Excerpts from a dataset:
--------------------------------

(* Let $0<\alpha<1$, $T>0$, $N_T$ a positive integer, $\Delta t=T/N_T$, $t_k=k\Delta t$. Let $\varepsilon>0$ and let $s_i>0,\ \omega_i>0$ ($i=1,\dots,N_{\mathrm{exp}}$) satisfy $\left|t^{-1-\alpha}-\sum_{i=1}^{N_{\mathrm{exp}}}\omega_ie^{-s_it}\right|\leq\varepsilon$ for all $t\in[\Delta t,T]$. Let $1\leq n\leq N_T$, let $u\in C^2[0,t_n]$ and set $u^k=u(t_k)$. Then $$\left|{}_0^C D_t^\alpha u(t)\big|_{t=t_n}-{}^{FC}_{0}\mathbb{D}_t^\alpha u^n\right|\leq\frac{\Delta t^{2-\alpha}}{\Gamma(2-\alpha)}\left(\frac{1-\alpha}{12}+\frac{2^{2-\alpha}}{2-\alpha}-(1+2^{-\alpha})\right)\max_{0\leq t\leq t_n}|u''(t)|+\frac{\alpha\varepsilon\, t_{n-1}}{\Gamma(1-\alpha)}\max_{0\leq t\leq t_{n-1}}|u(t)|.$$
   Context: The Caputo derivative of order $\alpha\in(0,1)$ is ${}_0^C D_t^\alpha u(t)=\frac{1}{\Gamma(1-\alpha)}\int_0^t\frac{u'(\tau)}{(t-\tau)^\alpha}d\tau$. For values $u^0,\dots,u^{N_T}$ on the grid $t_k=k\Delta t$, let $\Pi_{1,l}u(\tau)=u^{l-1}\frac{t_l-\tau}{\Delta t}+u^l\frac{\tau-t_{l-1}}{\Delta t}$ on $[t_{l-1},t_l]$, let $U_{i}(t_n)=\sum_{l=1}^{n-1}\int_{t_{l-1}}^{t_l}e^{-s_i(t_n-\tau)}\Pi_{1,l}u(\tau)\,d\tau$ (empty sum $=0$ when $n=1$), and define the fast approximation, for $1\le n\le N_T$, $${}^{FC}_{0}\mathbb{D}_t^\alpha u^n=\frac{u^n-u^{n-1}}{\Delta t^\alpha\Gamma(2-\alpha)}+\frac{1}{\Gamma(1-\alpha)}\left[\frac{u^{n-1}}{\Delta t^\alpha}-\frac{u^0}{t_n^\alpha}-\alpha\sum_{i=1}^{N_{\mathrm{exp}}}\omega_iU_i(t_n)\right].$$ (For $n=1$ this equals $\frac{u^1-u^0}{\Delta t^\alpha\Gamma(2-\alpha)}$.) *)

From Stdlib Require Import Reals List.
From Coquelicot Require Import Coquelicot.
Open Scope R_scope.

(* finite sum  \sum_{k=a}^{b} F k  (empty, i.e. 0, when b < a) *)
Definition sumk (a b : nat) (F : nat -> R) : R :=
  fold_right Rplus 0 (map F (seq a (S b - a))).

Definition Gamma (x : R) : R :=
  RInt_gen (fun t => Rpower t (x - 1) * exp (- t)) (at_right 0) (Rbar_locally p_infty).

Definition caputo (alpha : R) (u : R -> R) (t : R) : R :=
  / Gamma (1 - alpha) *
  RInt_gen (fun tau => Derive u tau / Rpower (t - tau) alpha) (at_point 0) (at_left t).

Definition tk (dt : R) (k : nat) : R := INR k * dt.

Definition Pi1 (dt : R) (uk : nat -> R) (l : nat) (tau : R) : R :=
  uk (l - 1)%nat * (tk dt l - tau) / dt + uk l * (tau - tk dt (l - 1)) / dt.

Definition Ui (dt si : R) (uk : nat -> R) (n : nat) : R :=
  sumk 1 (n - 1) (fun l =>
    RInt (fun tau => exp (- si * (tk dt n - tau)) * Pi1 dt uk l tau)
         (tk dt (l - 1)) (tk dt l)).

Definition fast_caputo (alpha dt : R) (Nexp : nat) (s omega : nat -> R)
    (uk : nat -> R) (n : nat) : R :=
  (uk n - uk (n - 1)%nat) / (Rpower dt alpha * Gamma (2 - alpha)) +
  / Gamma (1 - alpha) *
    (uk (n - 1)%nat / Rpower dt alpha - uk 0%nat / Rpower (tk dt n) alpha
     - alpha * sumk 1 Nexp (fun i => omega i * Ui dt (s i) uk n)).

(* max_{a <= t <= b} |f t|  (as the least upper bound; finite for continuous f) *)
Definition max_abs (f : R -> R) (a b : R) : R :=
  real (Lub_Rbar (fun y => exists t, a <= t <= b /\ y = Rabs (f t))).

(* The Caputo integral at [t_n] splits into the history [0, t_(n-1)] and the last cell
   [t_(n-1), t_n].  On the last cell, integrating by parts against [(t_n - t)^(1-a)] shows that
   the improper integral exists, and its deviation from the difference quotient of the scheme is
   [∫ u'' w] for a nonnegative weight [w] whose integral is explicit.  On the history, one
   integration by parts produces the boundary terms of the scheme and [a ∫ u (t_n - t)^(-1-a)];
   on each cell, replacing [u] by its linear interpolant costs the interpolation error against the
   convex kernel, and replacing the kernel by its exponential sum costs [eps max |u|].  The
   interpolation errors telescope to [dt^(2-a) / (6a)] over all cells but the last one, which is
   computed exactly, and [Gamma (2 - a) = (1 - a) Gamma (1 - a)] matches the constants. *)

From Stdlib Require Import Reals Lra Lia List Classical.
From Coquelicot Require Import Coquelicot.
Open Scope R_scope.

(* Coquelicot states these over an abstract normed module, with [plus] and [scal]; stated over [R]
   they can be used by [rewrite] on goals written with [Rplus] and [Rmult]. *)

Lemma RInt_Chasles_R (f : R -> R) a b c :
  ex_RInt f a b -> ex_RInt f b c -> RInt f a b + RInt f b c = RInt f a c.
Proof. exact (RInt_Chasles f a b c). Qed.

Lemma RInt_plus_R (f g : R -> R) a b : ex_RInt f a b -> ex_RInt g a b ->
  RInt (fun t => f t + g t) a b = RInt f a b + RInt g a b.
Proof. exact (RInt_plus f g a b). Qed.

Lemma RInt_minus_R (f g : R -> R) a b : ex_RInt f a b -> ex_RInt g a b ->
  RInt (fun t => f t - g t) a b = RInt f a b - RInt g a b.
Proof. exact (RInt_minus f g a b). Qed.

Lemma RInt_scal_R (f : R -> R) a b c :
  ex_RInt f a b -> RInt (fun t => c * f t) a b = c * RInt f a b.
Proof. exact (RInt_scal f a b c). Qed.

--------------------------------

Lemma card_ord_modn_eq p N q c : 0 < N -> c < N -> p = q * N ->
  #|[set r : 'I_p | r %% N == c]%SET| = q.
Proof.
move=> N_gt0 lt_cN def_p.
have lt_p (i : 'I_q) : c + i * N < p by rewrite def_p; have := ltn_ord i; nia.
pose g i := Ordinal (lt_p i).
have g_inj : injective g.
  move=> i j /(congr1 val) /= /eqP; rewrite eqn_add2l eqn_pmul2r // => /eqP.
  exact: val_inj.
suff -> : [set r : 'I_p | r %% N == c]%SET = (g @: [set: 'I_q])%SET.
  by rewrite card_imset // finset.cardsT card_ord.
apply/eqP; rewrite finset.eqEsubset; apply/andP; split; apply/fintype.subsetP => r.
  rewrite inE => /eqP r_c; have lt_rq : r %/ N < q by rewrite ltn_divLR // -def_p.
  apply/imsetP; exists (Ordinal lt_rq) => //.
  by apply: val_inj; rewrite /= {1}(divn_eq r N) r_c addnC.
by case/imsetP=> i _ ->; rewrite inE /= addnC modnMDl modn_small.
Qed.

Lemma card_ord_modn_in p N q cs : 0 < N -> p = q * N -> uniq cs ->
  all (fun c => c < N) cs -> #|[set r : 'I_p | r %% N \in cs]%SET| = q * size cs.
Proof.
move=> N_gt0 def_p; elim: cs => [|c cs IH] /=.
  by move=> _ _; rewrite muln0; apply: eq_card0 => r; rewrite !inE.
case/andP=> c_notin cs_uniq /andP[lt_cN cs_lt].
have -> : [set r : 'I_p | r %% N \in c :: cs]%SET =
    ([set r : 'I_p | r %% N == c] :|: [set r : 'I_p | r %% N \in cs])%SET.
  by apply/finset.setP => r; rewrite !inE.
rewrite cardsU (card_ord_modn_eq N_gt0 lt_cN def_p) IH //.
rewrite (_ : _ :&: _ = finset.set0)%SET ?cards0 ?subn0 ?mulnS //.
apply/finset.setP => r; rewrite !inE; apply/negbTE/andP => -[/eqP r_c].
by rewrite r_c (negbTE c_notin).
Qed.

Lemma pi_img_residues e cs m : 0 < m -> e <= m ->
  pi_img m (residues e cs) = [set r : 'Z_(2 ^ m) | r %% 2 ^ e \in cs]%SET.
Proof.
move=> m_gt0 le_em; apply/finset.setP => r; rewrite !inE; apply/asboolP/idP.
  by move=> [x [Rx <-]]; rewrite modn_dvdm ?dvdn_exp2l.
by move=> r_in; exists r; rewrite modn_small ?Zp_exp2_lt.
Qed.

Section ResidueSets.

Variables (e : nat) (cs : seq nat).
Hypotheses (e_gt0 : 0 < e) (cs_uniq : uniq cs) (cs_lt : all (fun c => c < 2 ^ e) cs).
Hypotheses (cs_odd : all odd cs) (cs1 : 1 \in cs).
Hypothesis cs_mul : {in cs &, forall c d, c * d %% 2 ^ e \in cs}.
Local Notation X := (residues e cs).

--------------------------------

Among the lines above, please find those with "Reals" and copy them.

● **EXERCISE RESPONSE**
From Stdlib Require Import Reals List.
From Stdlib Require Import Reals Lra Lia List Classical.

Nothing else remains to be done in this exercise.